=== Work required ===
Below are some records; output exactly the lines from the line with "Lemma legendre1 (q" to the line with "case: existsP => // -[x];", both ends kept, and nothing more.

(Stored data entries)
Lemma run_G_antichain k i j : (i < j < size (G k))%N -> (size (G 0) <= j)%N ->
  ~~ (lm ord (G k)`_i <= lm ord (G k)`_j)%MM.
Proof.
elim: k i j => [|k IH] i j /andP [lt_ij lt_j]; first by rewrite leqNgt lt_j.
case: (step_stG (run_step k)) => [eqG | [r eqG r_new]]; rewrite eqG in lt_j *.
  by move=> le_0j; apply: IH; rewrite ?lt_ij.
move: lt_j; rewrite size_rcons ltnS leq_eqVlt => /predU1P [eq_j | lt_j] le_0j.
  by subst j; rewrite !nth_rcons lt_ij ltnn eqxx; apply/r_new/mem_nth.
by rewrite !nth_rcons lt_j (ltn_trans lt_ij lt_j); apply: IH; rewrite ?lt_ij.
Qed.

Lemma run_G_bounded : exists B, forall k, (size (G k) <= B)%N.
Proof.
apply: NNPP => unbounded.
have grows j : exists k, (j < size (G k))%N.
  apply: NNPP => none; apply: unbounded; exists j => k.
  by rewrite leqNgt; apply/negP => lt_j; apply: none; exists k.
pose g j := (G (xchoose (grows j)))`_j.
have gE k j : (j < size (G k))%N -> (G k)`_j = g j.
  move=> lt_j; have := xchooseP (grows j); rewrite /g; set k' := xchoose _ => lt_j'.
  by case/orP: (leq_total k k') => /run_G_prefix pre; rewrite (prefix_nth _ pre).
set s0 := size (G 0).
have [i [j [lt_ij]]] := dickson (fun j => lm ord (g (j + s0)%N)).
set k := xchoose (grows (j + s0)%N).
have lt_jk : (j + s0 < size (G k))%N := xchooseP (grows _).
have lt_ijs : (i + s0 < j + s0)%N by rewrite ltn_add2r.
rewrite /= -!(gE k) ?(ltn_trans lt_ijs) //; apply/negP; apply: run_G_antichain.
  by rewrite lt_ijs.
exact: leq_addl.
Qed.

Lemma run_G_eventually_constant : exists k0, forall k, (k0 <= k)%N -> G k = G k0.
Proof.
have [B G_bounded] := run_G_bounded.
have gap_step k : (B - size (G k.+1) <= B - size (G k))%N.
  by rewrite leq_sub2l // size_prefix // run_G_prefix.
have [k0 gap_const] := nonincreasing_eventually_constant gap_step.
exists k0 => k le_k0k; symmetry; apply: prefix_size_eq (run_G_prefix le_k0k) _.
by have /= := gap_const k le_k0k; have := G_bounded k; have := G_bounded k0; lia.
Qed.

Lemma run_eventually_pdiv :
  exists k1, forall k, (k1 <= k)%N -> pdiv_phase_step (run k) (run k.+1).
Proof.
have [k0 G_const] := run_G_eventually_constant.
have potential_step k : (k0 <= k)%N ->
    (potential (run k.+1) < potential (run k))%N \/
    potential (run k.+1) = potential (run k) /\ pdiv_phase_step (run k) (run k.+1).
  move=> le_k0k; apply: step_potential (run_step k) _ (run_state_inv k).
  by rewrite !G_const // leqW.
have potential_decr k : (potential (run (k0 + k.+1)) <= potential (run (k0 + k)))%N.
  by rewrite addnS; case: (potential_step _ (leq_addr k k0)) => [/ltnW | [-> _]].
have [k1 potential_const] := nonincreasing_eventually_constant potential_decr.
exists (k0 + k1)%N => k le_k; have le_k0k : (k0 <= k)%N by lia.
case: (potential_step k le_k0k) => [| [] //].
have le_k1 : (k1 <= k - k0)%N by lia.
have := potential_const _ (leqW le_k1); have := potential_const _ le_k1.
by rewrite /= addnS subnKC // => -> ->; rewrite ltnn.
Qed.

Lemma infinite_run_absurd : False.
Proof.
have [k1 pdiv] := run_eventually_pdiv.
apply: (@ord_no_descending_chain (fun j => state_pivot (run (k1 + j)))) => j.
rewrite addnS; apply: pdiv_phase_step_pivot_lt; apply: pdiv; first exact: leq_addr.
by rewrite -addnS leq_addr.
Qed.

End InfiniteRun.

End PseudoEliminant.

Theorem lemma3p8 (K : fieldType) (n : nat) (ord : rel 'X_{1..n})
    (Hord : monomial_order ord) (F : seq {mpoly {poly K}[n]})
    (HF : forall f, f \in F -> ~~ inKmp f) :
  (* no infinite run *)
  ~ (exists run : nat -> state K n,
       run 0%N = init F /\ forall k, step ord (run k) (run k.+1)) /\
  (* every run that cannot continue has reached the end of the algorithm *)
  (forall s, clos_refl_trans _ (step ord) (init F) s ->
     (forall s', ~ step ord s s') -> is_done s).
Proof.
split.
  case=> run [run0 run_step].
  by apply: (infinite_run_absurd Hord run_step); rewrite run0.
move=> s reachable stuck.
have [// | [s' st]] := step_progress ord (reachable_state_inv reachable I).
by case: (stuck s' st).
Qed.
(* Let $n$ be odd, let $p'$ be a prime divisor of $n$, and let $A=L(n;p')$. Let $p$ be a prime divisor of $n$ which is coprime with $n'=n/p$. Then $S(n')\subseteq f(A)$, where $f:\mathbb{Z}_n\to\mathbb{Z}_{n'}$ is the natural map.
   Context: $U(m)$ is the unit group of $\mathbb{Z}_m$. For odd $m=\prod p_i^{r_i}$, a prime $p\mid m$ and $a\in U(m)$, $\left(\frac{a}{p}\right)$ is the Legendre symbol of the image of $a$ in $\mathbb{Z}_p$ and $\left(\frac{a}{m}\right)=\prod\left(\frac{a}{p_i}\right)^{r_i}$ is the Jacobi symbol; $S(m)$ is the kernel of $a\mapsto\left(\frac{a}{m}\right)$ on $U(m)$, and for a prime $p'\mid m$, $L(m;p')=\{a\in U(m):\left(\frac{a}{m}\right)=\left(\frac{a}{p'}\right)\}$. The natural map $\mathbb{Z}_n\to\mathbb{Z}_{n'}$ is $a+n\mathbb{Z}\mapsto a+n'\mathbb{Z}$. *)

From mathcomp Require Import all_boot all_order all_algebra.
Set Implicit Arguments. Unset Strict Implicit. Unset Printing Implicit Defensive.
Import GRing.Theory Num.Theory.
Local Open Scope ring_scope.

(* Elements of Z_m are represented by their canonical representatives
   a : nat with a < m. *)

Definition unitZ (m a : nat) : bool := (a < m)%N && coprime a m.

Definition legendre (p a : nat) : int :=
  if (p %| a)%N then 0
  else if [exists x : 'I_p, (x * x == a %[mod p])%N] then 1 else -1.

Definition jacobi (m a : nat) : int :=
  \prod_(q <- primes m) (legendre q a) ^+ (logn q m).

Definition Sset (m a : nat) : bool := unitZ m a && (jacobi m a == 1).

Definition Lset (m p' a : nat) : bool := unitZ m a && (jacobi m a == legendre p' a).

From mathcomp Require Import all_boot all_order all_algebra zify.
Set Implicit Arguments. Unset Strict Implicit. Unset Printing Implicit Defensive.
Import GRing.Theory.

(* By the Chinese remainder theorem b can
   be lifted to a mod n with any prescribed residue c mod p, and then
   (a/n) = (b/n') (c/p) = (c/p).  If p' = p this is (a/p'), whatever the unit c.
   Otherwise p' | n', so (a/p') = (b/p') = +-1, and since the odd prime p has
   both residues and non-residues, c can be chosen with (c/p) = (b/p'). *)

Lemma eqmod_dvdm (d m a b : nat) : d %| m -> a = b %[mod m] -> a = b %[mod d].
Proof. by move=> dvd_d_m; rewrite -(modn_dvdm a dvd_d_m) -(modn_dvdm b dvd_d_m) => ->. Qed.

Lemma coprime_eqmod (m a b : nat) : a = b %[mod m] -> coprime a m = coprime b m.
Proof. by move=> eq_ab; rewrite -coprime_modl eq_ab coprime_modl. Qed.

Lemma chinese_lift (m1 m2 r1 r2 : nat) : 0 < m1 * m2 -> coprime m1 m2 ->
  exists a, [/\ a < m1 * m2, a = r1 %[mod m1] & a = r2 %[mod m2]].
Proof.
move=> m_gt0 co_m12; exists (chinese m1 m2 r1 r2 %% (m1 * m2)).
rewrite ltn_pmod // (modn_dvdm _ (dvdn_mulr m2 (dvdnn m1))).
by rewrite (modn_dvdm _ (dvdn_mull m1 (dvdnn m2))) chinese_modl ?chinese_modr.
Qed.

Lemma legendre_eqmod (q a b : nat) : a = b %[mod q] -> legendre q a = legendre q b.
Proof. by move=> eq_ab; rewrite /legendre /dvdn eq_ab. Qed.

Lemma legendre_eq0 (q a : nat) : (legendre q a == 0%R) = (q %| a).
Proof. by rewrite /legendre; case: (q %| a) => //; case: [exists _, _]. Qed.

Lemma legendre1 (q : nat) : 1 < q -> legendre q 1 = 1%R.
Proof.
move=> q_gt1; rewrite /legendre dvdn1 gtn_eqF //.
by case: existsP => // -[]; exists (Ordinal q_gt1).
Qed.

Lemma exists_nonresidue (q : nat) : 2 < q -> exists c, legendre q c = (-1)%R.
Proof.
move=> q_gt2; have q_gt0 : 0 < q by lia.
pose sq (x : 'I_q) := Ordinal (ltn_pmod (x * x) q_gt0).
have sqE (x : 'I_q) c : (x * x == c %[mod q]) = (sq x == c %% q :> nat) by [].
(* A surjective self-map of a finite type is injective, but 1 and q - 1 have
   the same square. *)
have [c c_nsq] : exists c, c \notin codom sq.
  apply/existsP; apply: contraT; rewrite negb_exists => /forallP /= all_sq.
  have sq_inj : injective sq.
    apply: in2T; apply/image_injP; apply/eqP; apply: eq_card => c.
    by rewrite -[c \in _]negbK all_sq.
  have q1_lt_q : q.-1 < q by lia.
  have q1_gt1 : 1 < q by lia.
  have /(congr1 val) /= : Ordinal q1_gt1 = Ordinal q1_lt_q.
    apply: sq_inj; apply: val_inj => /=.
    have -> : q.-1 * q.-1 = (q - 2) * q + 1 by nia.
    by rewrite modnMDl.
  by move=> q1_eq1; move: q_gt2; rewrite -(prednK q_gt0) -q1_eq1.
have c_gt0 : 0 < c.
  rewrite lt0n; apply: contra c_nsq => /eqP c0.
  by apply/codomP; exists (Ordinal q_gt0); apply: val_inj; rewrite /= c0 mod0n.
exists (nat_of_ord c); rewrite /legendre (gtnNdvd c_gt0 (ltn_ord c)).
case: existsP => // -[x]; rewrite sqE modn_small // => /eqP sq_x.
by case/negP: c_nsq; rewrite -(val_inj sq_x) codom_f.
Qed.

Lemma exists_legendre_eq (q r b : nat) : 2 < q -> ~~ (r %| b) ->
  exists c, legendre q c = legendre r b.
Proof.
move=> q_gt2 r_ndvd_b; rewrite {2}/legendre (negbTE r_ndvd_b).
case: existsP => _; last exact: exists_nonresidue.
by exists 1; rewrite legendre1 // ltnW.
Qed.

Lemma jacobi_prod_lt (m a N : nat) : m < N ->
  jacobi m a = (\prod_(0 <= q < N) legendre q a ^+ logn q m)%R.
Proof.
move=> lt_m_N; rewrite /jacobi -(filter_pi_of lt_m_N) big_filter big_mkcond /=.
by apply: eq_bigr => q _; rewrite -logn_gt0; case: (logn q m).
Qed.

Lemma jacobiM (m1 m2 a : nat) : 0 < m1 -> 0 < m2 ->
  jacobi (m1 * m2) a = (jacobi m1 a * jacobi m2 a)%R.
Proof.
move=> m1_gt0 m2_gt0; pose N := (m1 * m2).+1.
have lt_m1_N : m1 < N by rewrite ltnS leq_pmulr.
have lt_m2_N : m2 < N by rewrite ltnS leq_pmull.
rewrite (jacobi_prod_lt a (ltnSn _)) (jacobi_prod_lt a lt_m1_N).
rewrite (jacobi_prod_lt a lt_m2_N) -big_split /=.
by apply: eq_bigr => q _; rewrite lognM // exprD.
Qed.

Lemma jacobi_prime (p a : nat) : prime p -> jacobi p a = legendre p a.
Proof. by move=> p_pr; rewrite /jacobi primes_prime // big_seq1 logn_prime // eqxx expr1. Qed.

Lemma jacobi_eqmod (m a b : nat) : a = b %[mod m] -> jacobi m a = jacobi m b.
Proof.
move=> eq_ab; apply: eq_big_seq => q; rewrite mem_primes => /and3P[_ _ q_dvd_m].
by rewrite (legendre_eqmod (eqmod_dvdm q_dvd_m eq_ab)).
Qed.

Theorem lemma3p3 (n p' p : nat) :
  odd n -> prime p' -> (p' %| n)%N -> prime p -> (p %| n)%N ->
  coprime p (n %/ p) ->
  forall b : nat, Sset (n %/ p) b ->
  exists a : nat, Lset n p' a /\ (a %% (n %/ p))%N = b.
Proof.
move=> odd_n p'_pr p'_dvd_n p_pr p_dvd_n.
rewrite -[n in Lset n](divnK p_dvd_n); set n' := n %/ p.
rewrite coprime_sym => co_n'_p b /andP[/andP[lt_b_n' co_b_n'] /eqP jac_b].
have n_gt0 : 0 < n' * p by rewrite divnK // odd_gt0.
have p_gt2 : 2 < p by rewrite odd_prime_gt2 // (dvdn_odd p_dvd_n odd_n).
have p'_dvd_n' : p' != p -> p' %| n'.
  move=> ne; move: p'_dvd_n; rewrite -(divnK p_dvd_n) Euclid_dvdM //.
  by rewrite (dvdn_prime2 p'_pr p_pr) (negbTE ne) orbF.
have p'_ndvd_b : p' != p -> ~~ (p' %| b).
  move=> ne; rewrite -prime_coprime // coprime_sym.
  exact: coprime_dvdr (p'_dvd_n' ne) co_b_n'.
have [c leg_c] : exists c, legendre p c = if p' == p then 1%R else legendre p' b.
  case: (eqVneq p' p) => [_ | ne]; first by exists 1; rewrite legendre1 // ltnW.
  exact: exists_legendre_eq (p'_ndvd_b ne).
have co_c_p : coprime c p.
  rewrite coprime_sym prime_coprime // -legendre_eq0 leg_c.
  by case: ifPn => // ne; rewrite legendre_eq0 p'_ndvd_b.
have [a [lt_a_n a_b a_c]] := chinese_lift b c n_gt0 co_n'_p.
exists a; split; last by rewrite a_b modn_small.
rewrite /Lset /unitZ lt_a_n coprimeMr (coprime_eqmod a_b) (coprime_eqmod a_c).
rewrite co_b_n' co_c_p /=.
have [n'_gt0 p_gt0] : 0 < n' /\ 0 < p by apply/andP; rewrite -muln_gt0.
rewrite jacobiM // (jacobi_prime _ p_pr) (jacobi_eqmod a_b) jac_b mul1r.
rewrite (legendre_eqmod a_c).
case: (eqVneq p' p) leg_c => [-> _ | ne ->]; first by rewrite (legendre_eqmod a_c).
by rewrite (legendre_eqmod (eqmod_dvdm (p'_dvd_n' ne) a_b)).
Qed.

=== Response to the task ===
Lemma legendre1 (q : nat) : 1 < q -> legendre q 1 = 1%R.
Proof.
move=> q_gt1; rewrite /legendre dvdn1 gtn_eqF //.
by case: existsP => // -[]; exists (Ordinal q_gt1).
Qed.

Lemma exists_nonresidue (q : nat) : 2 < q -> exists c, legendre q c = (-1)%R.
Proof.
move=> q_gt2; have q_gt0 : 0 < q by lia.
pose sq (x : 'I_q) := Ordinal (ltn_pmod (x * x) q_gt0).
have sqE (x : 'I_q) c : (x * x == c %[mod q]) = (sq x == c %% q :> nat) by [].
(* A surjective self-map of a finite type is injective, but 1 and q - 1 have
   the same square. *)
have [c c_nsq] : exists c, c \notin codom sq.
  apply/existsP; apply: contraT; rewrite negb_exists => /forallP /= all_sq.
  have sq_inj : injective sq.
    apply: in2T; apply/image_injP; apply/eqP; apply: eq_card => c.
    by rewrite -[c \in _]negbK all_sq.
  have q1_lt_q : q.-1 < q by lia.
  have q1_gt1 : 1 < q by lia.
  have /(congr1 val) /= : Ordinal q1_gt1 = Ordinal q1_lt_q.
    apply: sq_inj; apply: val_inj => /=.
    have -> : q.-1 * q.-1 = (q - 2) * q + 1 by nia.
    by rewrite modnMDl.
  by move=> q1_eq1; move: q_gt2; rewrite -(prednK q_gt0) -q1_eq1.
have c_gt0 : 0 < c.
  rewrite lt0n; apply: contra c_nsq => /eqP c0.
  by apply/codomP; exists (Ordinal q_gt0); apply: val_inj; rewrite /= c0 mod0n.
exists (nat_of_ord c); rewrite /legendre (gtnNdvd c_gt0 (ltn_ord c)).
case: existsP => // -[x]; rewrite sqE modn_small // => /eqP sq_x.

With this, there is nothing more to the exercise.